JR: One of our big issues when I came in was how siloed (compartmentalized, or isolated) our programs were. For our global work, we created a number of cross-cutting functions. One of the most important was what we call integrated delivery. Though only two years old, it oversees something like 200 grants and contracts across our many programs…. Let me explain why this is so important. Last fall, I was in Uttar Pradesh, India, and met with women in a program we had funded aimed at improving maternal and neonatal health. I talked with these women who told me how they had benefited from the health improvements, the knowledge. But they also talked about how they worked together with a microfinance project to improve financial security and efforts in agriculture. The point is these women are not just recipients of a program targeting maternal and child health. They are mothers with families working on multiple fronts to improve their lives. Our approach as a philanthropy needs to focus on the whole person.
Q What are some of the biggest remaining challenges (the tasks you’ve foisted off on Desmond-Hellman)? One big complaint you’ve dealt with over the years is that the Gates Foundation is somewhat inscrutable, even to its grantees. How are you doing on the transparency and communications front?
JR: I think we’re in pretty good shape overall. As far as remaining challenges, I’d say we’ve made a lot of progress with polio but (eradication) is far from being completed… On communication, I think we’ve also made a lot of progress. Two of my team’s biggest goals were to improve the quality of our communications and reduce complexity for grantees. We’ve done an in-depth survey of some of our grantees and they say we’re doing better.
Q There still appears to be a lot of turnover at the Gates Foundation and some say, despite some of the internal changes, it can still be a difficult place to work. Some tell me (off the record of course) that staff are afraid of criticism and that the place has become very bureaucratic and CYA (cover your ass). What say to that?

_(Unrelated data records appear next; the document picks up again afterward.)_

(* For fixed v, problem (P) is the Lagrangian dual of maximising
   Re (u^H A v) over u in S1; by Slater's condition there is no duality gap and
   the dual is attained, so the optimal value of (P) is min_v max_u Re (u^H A v).
   Symmetrically (D), which is (P) for the game with payoff -A^H and the roles of
   the players exchanged, computes max_u min_v.  This gives the forward
   direction.  For the converse one needs the values of (P) and (D) to agree:
   the multiplier y of the equality constraint of an optimal solution of (P)
   lies in S1 and guarantees the value of (P) against every v in S2.  Both
   multiplier statements follow from a finite-dimensional Hahn-Banach sandwich
   theorem: a sublinear functional that is nonnegative on a convex set dominates
   a linear functional that is nonnegative on that set. *)

(** * A Hahn-Banach sandwich theorem on R^I *)

Local Open Scope classical_set_scope.
Lemma exists_between (R : realType) (L U : set R) :
  L !=set0 -> U !=set0 -> (forall a b, L a -> U b -> a <= b) ->
  exists v, (forall a, L a -> a <= v) /\ (forall b, U b -> v <= b).
Proof.
move=> neL [b0 Ub0] LU; have supL : has_sup L by split=> //; exists b0 => a La; exact: LU.
exists (sup L); split=> [a La|b Ub]; first exact: sup_upper_bound.
by apply: ge_sup => // a La; exact: LU.
Qed.
Local Close Scope classical_set_scope.

Section ConeSeparation.
Variables (R : realType) (I : finType).
Implicit Types (c x y g : I -> R) (s : seq I).
Lemma pc_compat_comp beta beta' beta'' tau tau' tau'' theta theta' :
  is_pcnat psi beta tau -> is_pcnat psi beta' tau' -> is_pcnat psi beta'' tau'' ->
  (forall i, is_nat (beta i) (beta' i) (theta i)) ->
  (forall i, is_nat (beta' i) (beta'' i) (theta' i)) ->
  pc_compat psi tau tau' theta -> pc_compat psi tau' tau'' theta' ->
  pc_compat psi tau tau'' (fun i x => cmp (theta' i x) (theta i x)).
Proof.
move=> Ht Ht' Ht'' Hth Hth' c c' i j h x.
rewrite -cmp_assoc; try endpoints.
rewrite c cmp_assoc; try endpoints.
by rewrite c' -cmp_assoc; endpoints.
Qed.

Lemma pc_compat_inv beta beta' tau tau' theta :
  is_pcnat psi beta tau -> is_pcnat psi beta' tau' ->
  (forall i, is_nat (beta i) (beta' i) (theta i)) ->
  pc_compat psi tau tau' theta ->
  pc_compat psi tau' tau (fun i x => ginv (theta i x)).
Proof.
move=> Ht Ht' Hth c i j h x.
rewrite -[tau' i j h x](@cmpgK _ _ (theta j (fobj (psi h) x))); try endpoints.
by rewrite -c -cmp_assoc ?cmpKg; endpoints.
Qed.

Lemma pc_compat_lwhisker (K : Functor D D') beta beta' tau tau' theta :
  is_pcnat psi beta tau -> is_pcnat psi beta' tau' ->
  (forall i, is_nat (beta i) (beta' i) (theta i)) ->
  pc_compat psi tau tau' theta ->
  pc_compat psi (fun i j h x => fmor K (tau i j h x))
    (fun i j h x => fmor K (tau' i j h x)) (fun i x => fmor K (theta i x)).
Proof. by move=> Ht Ht' Hth c i j h x; rewrite -!fcmp ?c; endpoints. Qed.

JR: A year ago, we set as one of the internal goals to have a more constructive and self-critical dialogue. Failure Fest (a Gates event in which staff were encouraged to talk about failure) was one example of how we took this on…. Part of this comes from rapid growth. When we were a small organization, we weren’t as bureaucratic. But some of this is just the result of growing so big so fast. I think we still take some pretty big risks and move quickly.
Q Now that you’re stepping down as CEO for the Gates Foundation, what will you do?

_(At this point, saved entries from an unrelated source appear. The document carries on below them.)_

Definition Phi (N q : nat) (r c : nat) : algC :=
  (sqrtC (q.+1)%:R)^-1 * fourier N r c.

Definition ip (N q : nat) (S : pred nat) (k1 k2 : nat) : algC :=
  \sum_(r < N | S r) Phi N q r k1 * (Phi N q r k2)^*.

Definition T (q j : nat) : pred nat :=
  fun k => [exists m : 'I_q.+1, k == (j + m * q.-1)%N].

From HB Require Import structures.
From mathcomp Require Import all_boot all_order all_algebra all_field.
From mathcomp Require Import ring zify.
Import Order.TTheory GRing.Theory Num.Theory.
Local Open Scope ring_scope.

Set Implicit Arguments. Unset Strict Implicit. Unset Printing Implicit Defensive.

(* Write w = omega N and, for column indices a, b, let
     chi_ab(x) = w^(a log_g x) * conj (w^(b log_g x)),
   a multiplicative character of F^* = F_{q^2}^*.  Since the rows of Phi are
   0 and log_g (t - alpha), t in K = F_q, each Gram entry is a character sum
     <Phi_a, Phi_b> = (1 + S_ab) / (q + 1),  S_ab = sum_(t in K) chi_ab (t - alpha).
   (1) In one block T_j we have a = b mod (q - 1), so chi_ab is trivial on K^*;
       as F^* is the disjoint union of the q + 1 cosets K^* and
       K^* (t - alpha), summing chi_ab over F^* gives (q - 1)(1 + S_ab) = 0
       whenever a != b.
   (2) Across blocks chi_ab is nontrivial at g^(q+1), which lies in K^*; then
       chi_ab sums to 0 over F \ K, and since every element of F \ K is
       uniquely (t - alpha)/(s - alpha) with t != s, expanding |S_ab|^2 gives
       |S_ab|^2 = q; the triangle inequality concludes. *)

Lemma norm1_of_expr (x : algC) n : (0 < n)%N -> `|x ^+ n| = 1 -> `|x| = 1.
Proof. by move=> n0 xn; apply/eqP; rewrite -(pexpr_eq1 n0) // -normrX xn. Qed.

Lemma norm_prim_expr (w : algC) n k : n.-primitive_root w -> `|w ^+ k| = 1.
Proof.
move=> pw; have w1 : `|w| = 1.
  by apply: (norm1_of_expr (prim_order_gt0 pw)); rewrite prim_expr_order ?normr1.
by rewrite normrX w1 expr1n.
Qed.

Lemma mul_conj_norm1 (x : algC) : `|x| = 1 -> x * x^* = 1.
Proof. by move=> nx; rewrite -normCK nx expr1n. Qed.

Lemma conj_prim_root (eps : algC) t : t.-primitive_root eps -> eps^* = eps ^+ t.-1.
Proof.
move=> pe; have t0 := prim_order_gt0 pe.
have conj_inv := mul_conj_norm1 (norm_prim_expr 1 pe); rewrite expr1 in conj_inv.
have pred_inv : eps * eps ^+ t.-1 = 1 by rewrite -exprS prednK // prim_expr_order.
have eps0 : eps != 0 by rewrite (prim_root_eq0 pe) -lt0n.
by apply: (mulfI eps0); rewrite conj_inv pred_inv.
Qed.

Lemma sum_expr_unity (x : algC) t : x ^+ t = 1 ->
  \sum_(j < t) x ^+ j = if x == 1 then t%:R else 0.
Proof.
move=> xt; have [->|x1] := eqVneq x 1.
  by rewrite (eq_bigr (fun _ => 1)) ?sumr_const ?card_ord // => j _; rewrite expr1n.
have : (x - 1) * \sum_(j < t) x ^+ j = 0 by rewrite -subrX1 xt subrr.
by move/eqP; rewrite mulf_eq0 subr_eq0 (negbTE x1) => /eqP.
Qed.

Lemma sqr_norm_subr1 (u : algC) : `|u| = 1 -> `|u - 1| ^+ 2 = 2 - 2 * 'Re u.
Proof.
move=> nu; rewrite normCK rmorphB rmorph1 /= ReE.
rewrite mulrBl !mulrBr (mul_conj_norm1 nu) mulr1 mul1r.
rewrite [2 * _]mulrC -mulrA mulVf ?mulr1 ?pnatr_eq0 //; ring.
Qed.
(* Let $N\ge2$, $p,q>0$ with $p+q=1$, and let $x_1\le\cdots\le x_N$ and $y_1\le\cdots\le y_N$ be integers. Let $\sigma\in\mathbb{S}_N$ and suppose that some entry $\beta$ appears in position $\beta-1$ of $\sigma$ (i.e. $\sigma(\beta-1)=\beta$) and all entries preceding $\beta$ are less than $\beta$. Then $I(\sigma)=0$, where $$I(\sigma)=\int_{\mathcal{C}_r}\cdots\int_{\mathcal{C}_r}A_\sigma\prod_{i=1}^N\xi_{\sigma(i)}^{\,x_i-y_{\sigma(i)}-1}\,d\xi_1\cdots d\xi_N$$ with $A_\sigma=\prod_{(\beta',\alpha')}S_{\beta'\alpha'}$ over all inversions $(\beta',\alpha')$ of $\sigma$, $S_{\beta'\alpha'}=-\frac{\xi_{\alpha'}}{\xi_{\beta'}}\cdot\frac{p+q\xi_{\alpha'}\xi_{\beta'}-\xi_{\beta'}}{p+q\xi_{\alpha'}\xi_{\beta'}-\xi_{\alpha'}}$ (the AZRP $S$-matrix), and $\mathcal{C}_r$ a circle centered at $0$ of sufficiently small radius $r$ that all poles of the integrand other than $0$ lie outside it.
   Context: Permutations are in one-line notation $\sigma(1)\cdots\sigma(N)$; an inversion $(b,a)$ is a pair of entries with $b>a$ and $b$ to the left of $a$ in $\sigma$. Each $d\xi_j$ includes the factor $\frac{1}{2\pi i}$. *)

From Stdlib Require Import Reals ZArith.
From Coquelicot Require Import Coquelicot.
From mathcomp Require Import ssreflect ssrfun ssrbool eqtype ssrnat seq fintype fingroup perm.

Set Implicit Arguments.
Unset Strict Implicit.
Unset Printing Implicit Defensive.

Open Scope R_scope.

Fixpoint Cpow (z : C) (n : nat) : C :=
  match n with O => RtoC 1 | S n' => Cmult z (Cpow z n') end.

Definition Cpowz (z : C) (k : Z) : C :=
  match k with
  | Z0 => RtoC 1
  | Zpos m => Cpow z (Pos.to_nat m)
  | Zneg m => Cinv (Cpow z (Pos.to_nat m))
  end.

Definition Cprod (l : seq C) : C := foldr Cmult (RtoC 1) l.

(* (1/(2 pi i)) \oint_{|z| = r} f(z) dz, counterclockwise, parametrised by
   z = r e^{i t}, dz = i r e^{i t} dt, t in [0, 2 pi]. *)
Definition circle_int (r : R) (f : C -> C) : C :=
  Cdiv (RInt (V := C_R_CompleteNormedModule)
          (fun t => Cmult (f (r * cos t, r * sin t)%R) (- r * sin t, r * cos t)%R)
          0 (2 * PI))
       (0, 2 * PI)%R.

Definition upd (xi : nat -> C) (k : nat) (z : C) : nat -> C :=
  fun j => if j == k then z else xi j.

JR: It’s been a great learning experience. I plan to stay active in philanthropy, through our (Jeff and his wife Tricia’s) Raikes Foundation, and spend at last half my time on that. Our work is primarily focused on education and youth homelessness. And I intend to work more broadly with others in philanthropy to share what I’ve learned with others. I think my experience coming from both business and philanthropy can help others seeking to improve their impact. I intend to spend more time on our family farm, between Lincoln and Omaha, Nebraska, and get more involved in agriculture.